Social Justice

Latinas and feminism go hand-in-hand in more ways than stereotypes allow

Latinas and feminism go hand-in-hand in more ways than stereotypes allow

LatinaLista -- There was a time among most Latinas that the term "feminism" evoked very mixed emotions. It was hard for those Latinas to take to the streets and burn their bras in protest for the dismissive treatment of women by society and then come home and, as tradition dictated, serve the men in the family.

Over time, the word evolved as did Latinas' attitudes toward it. Nowadays, there's no Latina who doesn't want respect, equal pay, equal opportunity, equal benefits and equal recognition. The notion that women should be submissive to their husbands, because the men demand it, is a bygone practice in the majority of Latino households.


Today, Latinas serve their husbands, fathers, sons, etc. because they want to -- not because they're expected to. And when they can't, most Latinos step up to the plate (pun intended) and help out.

It's a big difference from the way it used to be and there's one woman to thank for pushing the definition of what it meant to be a woman and what it didn't mean. Her name is Gloria Steinem and she is seen as the godmother of the feminist movement.

Tonight, at 9 p.m., HBO Documentaries airs the film "Gloria: In Her Own Words." The film looks at Gloria Steinem's life and career as a feminist and co-founder of 'Ms. Magazine.'

Yet, Steinem also founded another organization called Women's Media Center (WMC). In 2005, along with Jane Fonda, Steinem founded WMC with a specific objective:

To positively impact the visibility of women in the media, amplify women's voices on key issues in the national dialogue, fight sexism and bias against women in the media, and increase professional opportunities for women across all forms of media.

It's not often that an organization can celebrate watching a film made about one of its founders. As a tribute to Steinem, the WMC is organizing a series of activities to jumpstart an intergenerational discussion about the future of feminism.

From hosting house parties to watch the documentary; posting on the WMC Facebook wall what you want the future of feminism to look like; participating in the tweet-up (Use #gloria and #wmc) during tonight's premiere to participating in a live chat with Gloria Steinem the day after the documentary premiere on HBO Connect, the WMC wants to give women a platform in voicing their thoughts about the current state of women, as well as, learn more about Gloria Steinem.

An extra way the WMC is broadening the voices of women on the topic is by sponsoring a video contest.

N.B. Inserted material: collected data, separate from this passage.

Lemma ypoch_pos k n : (0 < k)%nat -> 0 < ypoch k n.
Proof.
  intros hk. pose proof (pow_in_unit y k hy hk).
  assert (0 < y ^ 6 < 1) by (apply pow_in_unit; [exact hy | lia]).
  apply qpoch_part_pos; lra.
Qed.

Lemma qshift_cube_root x k n : INR k = 6 * x -> qshift (y ^ 3) x n = ypoch k n / (1 - y ^ 6) ^ n.
Proof.
  intros hk. rewrite qshift_qpoch_part by (apply pow_in_unit; [exact hy | lia]).
  rewrite (qpow_pow y 3 k) by (cbn [INR]; lra).
  now replace ((y ^ 3) ^ 2) with (y ^ 6) by ring.
Qed.

Lemma qnum_cube_root x k : INR k = 6 * x -> qnum (y ^ 3) x = (1 - y ^ k) / (1 - y ^ 6).
Proof.
  intros hk. unfold qnum. rewrite (qpow_pow y 3 k) by (cbn [INR]; lra).
  now replace ((y ^ 3) ^ 2) with (y ^ 6) by ring.
Qed.

Definition lead13 : R :=
  y ^ 2 / ((1 + y ^ 3) * ((1 - y ^ 2) / (1 - y ^ 6)) * ((1 - y ^ 5) / (1 - y ^ 6))).

Definition antidiff13 n : R :=
  lead13 * ypoch 4 n * ypoch 8 n * ypoch 9 n ^ 2 / (ypoch 6 n ^ 2 * ypoch 7 n * ypoch 11 n).

Lemma term13_telescope M : term13 (y ^ 3) (S M) = antidiff13 M - antidiff13 (S M).
Proof.
  unfold term13. rewrite qfact_qshift.
  rewrite (qshift_cube_root (1/2) 3), (qshift_cube_root (1/3) 2), (qshift_cube_root (2/3) 4),
    (qshift_cube_root (7/6) 7), (qshift_cube_root (5/6) 5), (qshift_cube_root 1 6)
    by (cbn [INR]; lra).
  replace (S M - 1)%nat with M by lia. replace (S M + 1)%nat with (S (S M)) by lia.
  rewrite (ypoch_shift 3 9), (ypoch_shift 2 8), (ypoch_shift 5 11 (S M)) by lia.
  unfold antidiff13. rewrite !ypoch_succ.
  set (Z := (y ^ 6) ^ M).
  replace ((y ^ 3) ^ (4 * S M + 1)) with (y ^ 15 * Z ^ 2)
    by (unfold Z; rewrite <- !pow_mult, <- !pow_add; f_equal; lia).
  replace ((y ^ 3) ^ (2 * S M)) with (y ^ 6 * Z)
    by (unfold Z; rewrite <- !pow_mult, <- !pow_add; f_equal; lia).
  replace ((y ^ 3) ^ 2) with (y ^ 6) by ring.
  rewrite <- (tech_pow_Rmult (1 - y ^ 6) (S M)), <- (tech_pow_Rmult (1 - y ^ 6) M).
  assert (hZ : 0 < Z <= 1).
  { assert (0 < y ^ 6 < 1) by (apply pow_in_unit; [exact hy | lia]).
    split; [apply pow_lt | apply pow_le_one]; lra. }
  pose proof (ypoch_pos 4 M ltac:(lia)) as p4. pose proof (ypoch_pos 8 M ltac:(lia)) as p8.
  pose proof (ypoch_pos 9 M ltac:(lia)) as p9. pose proof (ypoch_pos 6 M ltac:(lia)) as p6.
  pose proof (ypoch_pos 7 M ltac:(lia)) as p7. pose proof (ypoch_pos 11 M ltac:(lia)) as p11.
  pose proof (pow_in_unit y 2 hy ltac:(lia)) as y2. pose proof (pow_in_unit y 3 hy ltac:(lia)) as y3.
  pose proof (pow_in_unit y 5 hy ltac:(lia)) as y5. pose proof (pow_in_unit y 6 hy ltac:(lia)) as y6.
  pose proof (pow_in_unit y 7 hy ltac:(lia)) as y7. pose proof (pow_in_unit y 11 hy ltac:(lia)) as y11.
  pose proof (pow_lt (1 - y ^ 6) M ltac:(lra)) as v.
  unfold lead13. field. repeat split; nra.
Qed.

Submit a 2-minute video telling us what you want the future of feminism to look like and what you're going to do to make it happen. The winner of the contest will have a private 10-minute phone conversation with Gloria Steinem and the winning video will be featured on the Women's Media Center Website.

In an interview with HBO about her documentary, Steinem was asked:

HBO: You've said, "I wasn't crazy, the system was crazy." Is the system still crazy?

Gloria Steinem: In a general way, the system is still crazy. But thanks to social justice movements, and years of hard work, there has been positive change.


The system is less crazy because there are more accurate laws, and terminology; you no longer have to have somebody standing there watching you get raped, and willing to testify, in order to be credible. There are laws about sexual harassment which didn't even exist as a word; it was just called "life."

There certainly has been progress. But we still are in an overall structure that punishes invasion of private property more than the invasion of people's bodies. We still think you can reach a peaceful end by a violent means, which is rarely the case. People's fate is stil way too much determined by group of birth, and too little by unqiueness and individual talent.